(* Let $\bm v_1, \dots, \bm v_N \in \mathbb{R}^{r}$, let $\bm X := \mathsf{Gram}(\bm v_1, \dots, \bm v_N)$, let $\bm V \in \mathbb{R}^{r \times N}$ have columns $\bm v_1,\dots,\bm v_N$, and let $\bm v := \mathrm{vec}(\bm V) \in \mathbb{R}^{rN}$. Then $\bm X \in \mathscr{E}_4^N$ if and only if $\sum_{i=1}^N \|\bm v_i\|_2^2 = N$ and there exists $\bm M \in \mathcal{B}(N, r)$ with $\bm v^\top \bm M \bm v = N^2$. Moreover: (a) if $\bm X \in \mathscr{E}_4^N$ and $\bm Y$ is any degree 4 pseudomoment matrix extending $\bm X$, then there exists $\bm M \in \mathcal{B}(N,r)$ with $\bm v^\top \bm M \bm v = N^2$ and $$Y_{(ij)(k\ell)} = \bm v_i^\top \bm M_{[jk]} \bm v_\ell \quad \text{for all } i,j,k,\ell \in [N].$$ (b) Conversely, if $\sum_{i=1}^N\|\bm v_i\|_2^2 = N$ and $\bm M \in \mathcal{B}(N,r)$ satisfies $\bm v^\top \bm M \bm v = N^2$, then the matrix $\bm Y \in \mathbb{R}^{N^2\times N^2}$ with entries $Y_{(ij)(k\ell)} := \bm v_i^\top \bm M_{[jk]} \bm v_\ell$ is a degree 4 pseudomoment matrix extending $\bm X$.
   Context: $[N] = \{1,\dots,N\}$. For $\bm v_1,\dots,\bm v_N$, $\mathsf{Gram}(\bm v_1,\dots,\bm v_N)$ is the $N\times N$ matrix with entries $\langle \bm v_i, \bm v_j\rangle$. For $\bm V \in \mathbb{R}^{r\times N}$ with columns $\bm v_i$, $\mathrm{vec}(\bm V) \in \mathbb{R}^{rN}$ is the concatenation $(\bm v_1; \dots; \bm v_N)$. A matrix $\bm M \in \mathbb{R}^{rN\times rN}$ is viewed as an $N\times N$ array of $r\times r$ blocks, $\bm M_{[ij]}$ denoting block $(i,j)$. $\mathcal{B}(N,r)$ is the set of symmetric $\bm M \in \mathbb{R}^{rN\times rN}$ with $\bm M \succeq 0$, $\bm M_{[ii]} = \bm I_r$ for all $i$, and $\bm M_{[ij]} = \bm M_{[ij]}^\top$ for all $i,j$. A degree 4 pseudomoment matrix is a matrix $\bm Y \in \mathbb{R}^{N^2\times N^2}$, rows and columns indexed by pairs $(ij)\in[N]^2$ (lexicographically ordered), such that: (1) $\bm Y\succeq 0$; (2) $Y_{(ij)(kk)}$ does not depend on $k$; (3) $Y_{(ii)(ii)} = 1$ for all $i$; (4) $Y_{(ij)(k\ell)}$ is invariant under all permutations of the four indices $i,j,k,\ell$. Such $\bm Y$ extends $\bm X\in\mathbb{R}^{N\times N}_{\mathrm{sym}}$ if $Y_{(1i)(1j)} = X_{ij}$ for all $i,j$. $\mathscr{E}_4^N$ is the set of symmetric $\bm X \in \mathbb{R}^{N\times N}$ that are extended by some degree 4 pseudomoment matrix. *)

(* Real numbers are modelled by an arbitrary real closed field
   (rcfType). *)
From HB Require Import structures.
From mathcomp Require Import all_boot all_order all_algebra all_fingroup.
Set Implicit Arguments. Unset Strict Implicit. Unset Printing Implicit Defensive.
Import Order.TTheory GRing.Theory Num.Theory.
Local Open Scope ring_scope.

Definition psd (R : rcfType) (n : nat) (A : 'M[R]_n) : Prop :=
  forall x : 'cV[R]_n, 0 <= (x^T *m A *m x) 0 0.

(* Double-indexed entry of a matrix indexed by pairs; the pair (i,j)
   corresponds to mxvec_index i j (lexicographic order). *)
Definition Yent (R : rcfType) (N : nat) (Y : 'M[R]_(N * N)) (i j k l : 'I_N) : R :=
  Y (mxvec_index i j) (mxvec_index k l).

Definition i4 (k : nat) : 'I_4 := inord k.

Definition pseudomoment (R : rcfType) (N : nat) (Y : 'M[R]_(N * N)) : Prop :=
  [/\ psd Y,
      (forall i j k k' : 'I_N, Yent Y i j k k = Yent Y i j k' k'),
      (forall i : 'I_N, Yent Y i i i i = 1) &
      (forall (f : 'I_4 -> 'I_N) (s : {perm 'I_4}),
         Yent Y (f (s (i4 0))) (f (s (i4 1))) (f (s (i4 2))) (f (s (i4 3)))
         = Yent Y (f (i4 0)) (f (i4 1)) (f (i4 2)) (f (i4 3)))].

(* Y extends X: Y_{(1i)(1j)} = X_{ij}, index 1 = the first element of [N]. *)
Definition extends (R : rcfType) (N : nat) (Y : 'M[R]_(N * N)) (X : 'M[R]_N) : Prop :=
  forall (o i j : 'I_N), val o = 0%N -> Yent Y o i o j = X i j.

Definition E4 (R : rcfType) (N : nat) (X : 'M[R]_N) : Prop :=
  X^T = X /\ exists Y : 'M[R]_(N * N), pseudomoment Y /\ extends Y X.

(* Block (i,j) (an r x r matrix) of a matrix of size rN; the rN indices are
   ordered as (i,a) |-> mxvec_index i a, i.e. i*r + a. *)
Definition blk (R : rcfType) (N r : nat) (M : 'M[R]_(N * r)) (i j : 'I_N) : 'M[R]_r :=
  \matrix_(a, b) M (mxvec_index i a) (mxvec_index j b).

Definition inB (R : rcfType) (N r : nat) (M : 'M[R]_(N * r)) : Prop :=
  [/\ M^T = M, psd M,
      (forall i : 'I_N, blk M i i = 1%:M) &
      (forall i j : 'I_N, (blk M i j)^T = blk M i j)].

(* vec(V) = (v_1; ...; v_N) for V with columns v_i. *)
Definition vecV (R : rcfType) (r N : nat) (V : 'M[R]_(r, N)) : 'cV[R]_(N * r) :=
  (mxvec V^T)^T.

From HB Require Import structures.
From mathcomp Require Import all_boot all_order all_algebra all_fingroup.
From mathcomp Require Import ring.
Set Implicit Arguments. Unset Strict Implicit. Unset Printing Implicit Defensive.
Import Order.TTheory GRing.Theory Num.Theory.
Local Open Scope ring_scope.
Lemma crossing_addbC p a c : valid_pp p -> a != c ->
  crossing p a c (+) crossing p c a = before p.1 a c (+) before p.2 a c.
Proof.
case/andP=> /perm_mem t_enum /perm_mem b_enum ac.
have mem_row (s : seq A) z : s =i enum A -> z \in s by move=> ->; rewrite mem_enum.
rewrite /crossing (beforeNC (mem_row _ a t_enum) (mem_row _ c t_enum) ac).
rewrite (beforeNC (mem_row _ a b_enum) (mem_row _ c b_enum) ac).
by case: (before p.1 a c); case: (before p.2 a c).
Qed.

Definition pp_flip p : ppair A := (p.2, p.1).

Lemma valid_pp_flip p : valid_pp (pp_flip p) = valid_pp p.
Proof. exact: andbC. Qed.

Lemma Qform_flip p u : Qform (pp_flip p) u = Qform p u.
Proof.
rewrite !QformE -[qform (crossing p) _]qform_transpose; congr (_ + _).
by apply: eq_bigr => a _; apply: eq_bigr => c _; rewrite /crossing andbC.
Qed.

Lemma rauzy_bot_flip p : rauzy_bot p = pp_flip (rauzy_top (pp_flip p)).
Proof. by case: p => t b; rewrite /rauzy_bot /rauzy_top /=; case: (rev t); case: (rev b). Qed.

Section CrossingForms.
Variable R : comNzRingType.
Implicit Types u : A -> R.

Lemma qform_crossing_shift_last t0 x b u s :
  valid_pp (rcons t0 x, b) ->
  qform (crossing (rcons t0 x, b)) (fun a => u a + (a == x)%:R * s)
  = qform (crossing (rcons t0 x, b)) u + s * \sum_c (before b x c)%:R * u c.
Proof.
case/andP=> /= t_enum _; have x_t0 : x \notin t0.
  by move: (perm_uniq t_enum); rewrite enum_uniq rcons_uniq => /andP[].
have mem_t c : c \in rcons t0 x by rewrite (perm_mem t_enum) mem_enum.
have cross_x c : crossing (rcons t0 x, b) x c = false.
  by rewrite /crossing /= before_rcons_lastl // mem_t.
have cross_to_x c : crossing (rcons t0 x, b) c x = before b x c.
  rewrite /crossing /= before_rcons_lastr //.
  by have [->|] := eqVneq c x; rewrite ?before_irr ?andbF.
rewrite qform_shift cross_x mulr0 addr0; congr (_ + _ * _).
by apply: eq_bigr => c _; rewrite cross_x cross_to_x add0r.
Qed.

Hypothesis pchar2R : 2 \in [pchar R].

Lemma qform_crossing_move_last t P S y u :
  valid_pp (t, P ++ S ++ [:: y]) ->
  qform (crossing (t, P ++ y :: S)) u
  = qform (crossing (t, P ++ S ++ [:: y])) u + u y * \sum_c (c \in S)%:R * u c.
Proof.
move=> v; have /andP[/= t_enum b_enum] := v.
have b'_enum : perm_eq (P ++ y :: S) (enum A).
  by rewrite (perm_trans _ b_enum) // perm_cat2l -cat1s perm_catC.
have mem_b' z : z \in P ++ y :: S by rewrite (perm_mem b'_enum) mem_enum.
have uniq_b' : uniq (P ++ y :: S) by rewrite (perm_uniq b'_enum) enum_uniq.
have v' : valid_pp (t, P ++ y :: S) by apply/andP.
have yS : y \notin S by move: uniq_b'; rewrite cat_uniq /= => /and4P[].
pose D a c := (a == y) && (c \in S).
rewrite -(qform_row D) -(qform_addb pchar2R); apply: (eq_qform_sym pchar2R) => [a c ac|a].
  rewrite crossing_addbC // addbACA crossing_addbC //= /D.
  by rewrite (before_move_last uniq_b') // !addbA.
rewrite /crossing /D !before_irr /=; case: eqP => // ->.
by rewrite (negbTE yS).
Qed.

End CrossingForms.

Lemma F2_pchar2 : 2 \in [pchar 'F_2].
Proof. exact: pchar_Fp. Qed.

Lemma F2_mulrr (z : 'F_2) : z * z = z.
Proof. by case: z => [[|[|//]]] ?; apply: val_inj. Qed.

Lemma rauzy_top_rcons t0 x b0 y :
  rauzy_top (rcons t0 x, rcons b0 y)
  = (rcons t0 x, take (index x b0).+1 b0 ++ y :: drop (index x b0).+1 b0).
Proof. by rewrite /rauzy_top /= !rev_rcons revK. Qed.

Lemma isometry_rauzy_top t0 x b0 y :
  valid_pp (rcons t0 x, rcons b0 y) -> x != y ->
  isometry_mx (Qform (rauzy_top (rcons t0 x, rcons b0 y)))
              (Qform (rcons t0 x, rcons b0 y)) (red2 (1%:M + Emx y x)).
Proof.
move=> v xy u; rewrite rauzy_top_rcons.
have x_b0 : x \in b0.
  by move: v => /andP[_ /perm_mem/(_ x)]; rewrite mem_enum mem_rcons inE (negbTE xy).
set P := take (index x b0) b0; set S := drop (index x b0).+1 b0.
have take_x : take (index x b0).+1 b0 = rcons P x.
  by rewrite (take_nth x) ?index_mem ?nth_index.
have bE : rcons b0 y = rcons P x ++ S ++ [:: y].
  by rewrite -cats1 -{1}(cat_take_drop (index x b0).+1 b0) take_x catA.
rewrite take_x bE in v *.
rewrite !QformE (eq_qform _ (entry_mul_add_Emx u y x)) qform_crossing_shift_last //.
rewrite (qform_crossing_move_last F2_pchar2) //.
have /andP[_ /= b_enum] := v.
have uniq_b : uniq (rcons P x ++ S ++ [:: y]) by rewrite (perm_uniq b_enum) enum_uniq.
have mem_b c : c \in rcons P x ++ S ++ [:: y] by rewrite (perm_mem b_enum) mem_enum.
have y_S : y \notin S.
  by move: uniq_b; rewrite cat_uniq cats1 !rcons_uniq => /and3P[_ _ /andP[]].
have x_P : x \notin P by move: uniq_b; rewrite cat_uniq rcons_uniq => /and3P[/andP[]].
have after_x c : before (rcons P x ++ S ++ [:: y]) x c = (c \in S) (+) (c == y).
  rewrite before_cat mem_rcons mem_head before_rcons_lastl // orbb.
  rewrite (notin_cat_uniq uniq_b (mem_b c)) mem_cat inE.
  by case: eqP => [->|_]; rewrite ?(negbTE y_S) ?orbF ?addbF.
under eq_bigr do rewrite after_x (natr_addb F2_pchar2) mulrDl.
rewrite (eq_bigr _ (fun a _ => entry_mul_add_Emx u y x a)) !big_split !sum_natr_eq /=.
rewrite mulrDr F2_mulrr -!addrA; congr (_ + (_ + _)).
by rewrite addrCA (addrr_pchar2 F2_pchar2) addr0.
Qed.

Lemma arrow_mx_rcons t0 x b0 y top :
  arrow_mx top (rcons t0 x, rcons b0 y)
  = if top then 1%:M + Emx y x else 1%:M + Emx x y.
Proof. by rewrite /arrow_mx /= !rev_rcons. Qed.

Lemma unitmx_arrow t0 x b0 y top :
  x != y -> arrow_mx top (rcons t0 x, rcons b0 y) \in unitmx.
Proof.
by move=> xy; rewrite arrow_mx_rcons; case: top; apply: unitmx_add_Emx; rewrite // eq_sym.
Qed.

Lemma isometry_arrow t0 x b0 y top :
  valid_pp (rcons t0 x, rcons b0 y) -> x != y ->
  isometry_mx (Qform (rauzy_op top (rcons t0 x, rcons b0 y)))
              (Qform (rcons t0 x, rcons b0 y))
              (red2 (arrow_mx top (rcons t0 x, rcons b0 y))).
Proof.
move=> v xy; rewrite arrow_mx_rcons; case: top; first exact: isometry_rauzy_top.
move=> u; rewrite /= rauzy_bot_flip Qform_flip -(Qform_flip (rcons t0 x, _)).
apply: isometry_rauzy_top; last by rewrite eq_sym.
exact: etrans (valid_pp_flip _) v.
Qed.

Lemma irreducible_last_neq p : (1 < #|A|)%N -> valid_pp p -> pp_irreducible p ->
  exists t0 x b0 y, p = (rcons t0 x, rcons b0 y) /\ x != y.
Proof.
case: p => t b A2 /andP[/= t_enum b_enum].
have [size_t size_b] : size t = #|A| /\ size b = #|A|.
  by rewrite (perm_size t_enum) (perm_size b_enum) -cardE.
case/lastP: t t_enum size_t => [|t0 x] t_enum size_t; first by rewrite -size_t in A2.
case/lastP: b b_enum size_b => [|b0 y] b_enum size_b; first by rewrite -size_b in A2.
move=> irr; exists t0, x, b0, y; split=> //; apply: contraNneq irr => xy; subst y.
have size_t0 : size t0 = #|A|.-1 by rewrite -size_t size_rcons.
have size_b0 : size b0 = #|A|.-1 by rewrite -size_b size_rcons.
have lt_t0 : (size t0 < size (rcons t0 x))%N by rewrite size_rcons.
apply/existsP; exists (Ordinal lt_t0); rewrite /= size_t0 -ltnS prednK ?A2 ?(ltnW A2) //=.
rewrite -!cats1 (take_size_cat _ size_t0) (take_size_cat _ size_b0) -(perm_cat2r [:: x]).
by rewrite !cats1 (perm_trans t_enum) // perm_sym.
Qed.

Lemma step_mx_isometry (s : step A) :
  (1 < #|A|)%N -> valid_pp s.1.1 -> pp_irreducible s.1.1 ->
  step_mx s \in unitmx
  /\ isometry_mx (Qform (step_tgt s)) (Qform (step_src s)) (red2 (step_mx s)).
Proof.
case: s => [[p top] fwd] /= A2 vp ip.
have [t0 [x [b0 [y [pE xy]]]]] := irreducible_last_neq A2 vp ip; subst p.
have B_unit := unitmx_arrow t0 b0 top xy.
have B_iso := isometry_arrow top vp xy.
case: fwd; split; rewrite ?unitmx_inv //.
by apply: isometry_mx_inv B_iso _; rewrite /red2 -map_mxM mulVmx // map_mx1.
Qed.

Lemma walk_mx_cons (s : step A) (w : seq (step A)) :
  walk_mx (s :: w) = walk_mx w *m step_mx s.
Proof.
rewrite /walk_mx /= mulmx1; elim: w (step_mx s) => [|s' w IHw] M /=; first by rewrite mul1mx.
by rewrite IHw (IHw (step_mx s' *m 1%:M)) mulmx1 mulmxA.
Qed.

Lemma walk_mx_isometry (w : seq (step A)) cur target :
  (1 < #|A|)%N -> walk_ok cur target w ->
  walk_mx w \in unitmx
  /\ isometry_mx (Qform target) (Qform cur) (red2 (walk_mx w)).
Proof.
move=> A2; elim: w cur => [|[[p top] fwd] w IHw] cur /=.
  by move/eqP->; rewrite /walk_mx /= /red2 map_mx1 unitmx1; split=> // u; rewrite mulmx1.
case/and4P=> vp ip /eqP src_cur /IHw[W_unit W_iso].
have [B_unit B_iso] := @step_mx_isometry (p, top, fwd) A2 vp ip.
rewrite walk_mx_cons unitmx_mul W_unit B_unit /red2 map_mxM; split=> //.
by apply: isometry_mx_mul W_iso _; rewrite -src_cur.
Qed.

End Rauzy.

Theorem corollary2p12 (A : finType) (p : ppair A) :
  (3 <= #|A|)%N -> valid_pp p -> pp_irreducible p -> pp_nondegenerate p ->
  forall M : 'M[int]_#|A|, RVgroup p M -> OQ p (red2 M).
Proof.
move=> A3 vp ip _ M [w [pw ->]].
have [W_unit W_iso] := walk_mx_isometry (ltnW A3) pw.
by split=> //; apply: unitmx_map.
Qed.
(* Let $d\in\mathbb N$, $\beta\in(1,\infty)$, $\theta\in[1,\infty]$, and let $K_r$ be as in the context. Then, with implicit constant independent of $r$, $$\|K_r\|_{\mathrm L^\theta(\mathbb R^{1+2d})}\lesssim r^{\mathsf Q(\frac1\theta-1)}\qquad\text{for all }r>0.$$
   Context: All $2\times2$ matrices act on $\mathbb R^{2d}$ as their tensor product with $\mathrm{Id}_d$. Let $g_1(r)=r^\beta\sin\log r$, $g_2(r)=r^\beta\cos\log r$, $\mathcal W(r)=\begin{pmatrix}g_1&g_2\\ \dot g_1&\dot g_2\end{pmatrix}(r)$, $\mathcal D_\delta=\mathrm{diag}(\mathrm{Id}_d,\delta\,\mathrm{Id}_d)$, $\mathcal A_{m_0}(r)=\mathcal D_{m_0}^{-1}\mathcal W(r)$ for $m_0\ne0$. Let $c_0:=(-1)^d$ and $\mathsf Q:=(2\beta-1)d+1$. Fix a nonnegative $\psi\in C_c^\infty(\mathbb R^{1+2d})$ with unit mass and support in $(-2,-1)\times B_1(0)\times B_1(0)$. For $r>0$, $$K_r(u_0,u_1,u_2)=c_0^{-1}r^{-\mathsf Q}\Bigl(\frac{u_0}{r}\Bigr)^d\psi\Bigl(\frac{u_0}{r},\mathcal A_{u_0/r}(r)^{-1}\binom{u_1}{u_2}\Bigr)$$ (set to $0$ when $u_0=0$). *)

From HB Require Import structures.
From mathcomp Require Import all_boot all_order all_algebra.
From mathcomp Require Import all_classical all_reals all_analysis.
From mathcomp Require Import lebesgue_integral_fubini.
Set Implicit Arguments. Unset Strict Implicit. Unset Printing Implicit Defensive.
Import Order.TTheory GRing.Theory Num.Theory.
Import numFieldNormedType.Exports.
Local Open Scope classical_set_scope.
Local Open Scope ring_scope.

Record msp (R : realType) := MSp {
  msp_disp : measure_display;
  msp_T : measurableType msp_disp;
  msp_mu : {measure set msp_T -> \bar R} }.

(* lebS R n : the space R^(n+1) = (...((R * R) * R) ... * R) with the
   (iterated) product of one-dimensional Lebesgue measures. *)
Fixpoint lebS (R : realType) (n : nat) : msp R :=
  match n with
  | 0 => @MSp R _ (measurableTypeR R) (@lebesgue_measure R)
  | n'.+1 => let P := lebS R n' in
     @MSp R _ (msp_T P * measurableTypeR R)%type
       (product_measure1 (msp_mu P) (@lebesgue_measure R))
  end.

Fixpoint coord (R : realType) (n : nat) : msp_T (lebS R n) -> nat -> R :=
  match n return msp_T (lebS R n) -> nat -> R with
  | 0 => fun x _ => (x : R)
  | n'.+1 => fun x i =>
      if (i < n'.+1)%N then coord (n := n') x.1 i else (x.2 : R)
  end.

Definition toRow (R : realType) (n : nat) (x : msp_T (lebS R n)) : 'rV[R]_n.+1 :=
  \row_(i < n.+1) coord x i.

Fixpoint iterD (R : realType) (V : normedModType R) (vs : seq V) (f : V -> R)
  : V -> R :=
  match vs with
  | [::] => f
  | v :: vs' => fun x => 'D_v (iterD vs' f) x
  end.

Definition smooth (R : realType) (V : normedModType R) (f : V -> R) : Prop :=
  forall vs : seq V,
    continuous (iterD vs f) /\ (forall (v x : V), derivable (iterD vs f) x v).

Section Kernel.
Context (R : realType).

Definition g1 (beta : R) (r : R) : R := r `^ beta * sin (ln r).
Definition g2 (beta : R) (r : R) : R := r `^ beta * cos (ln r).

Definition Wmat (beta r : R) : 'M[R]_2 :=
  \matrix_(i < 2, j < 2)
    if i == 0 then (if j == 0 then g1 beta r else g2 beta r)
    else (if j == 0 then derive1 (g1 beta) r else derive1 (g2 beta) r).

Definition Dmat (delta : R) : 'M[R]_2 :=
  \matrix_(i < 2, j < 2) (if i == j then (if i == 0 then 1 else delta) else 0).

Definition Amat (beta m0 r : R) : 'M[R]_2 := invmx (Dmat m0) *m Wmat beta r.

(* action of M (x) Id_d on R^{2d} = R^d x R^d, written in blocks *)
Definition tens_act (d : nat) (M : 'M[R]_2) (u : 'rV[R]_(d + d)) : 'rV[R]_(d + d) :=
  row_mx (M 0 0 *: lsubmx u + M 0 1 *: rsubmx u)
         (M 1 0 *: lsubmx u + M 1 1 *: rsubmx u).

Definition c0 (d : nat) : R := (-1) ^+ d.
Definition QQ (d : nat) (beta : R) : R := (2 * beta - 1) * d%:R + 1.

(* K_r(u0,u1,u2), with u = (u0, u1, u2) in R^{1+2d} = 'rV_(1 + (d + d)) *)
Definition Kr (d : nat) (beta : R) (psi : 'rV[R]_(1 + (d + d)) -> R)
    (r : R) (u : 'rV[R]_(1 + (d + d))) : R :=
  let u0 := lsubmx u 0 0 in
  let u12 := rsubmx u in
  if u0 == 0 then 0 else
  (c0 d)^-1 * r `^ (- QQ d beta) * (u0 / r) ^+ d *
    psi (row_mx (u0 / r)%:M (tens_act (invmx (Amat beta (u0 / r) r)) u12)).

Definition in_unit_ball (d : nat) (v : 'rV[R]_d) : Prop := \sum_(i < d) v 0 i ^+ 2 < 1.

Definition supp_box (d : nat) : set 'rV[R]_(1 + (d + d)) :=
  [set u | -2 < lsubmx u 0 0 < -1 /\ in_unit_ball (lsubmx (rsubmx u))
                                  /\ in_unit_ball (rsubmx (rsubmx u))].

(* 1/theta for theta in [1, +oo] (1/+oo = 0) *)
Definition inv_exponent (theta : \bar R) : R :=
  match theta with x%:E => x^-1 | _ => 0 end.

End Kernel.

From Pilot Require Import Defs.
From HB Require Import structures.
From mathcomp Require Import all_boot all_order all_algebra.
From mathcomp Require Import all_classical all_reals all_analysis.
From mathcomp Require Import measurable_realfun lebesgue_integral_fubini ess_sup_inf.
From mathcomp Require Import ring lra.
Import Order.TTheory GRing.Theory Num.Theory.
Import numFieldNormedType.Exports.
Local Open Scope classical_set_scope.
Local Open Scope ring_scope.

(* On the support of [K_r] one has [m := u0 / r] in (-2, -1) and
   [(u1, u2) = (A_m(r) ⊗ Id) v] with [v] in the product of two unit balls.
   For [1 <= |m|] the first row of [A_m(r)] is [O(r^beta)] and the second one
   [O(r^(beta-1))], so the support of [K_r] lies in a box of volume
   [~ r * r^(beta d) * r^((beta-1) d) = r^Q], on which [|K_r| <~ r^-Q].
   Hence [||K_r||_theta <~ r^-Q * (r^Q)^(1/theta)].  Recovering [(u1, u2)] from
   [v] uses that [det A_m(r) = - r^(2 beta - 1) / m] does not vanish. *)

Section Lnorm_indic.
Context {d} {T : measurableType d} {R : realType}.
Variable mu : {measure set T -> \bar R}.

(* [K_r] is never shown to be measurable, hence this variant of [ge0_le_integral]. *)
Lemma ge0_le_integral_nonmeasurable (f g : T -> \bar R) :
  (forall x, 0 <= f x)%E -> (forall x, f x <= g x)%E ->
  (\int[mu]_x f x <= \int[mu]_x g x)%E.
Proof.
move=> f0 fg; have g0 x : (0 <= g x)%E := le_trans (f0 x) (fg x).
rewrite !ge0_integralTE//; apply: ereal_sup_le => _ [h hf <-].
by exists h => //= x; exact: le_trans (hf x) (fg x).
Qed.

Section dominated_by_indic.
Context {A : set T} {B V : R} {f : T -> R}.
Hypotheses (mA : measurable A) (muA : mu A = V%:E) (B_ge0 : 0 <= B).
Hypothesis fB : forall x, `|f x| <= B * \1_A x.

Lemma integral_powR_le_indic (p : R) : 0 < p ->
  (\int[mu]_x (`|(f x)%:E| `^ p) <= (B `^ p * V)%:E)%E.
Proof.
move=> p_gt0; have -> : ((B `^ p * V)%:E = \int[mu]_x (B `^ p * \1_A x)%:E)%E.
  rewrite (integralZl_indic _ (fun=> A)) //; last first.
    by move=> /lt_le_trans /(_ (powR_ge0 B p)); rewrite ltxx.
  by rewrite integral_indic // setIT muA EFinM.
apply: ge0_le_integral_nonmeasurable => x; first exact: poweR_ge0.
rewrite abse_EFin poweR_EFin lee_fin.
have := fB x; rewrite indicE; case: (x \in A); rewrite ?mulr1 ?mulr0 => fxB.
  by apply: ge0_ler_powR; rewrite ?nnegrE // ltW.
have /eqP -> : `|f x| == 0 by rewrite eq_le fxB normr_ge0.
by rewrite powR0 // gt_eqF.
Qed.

[What the task requires] Go to the line with "Definition toRow (R" in the entries above and repeat every line from there through the line with "forall vs : seq", exactly and with no other text.

[Output for this task]
Definition toRow (R : realType) (n : nat) (x : msp_T (lebS R n)) : 'rV[R]_n.+1 :=
  \row_(i < n.+1) coord x i.

Fixpoint iterD (R : realType) (V : normedModType R) (vs : seq V) (f : V -> R)
  : V -> R :=
  match vs with
  | [::] => f
  | v :: vs' => fun x => 'D_v (iterD vs' f) x
  end.

Definition smooth (R : realType) (V : normedModType R) (f : V -> R) : Prop :=
  forall vs : seq V,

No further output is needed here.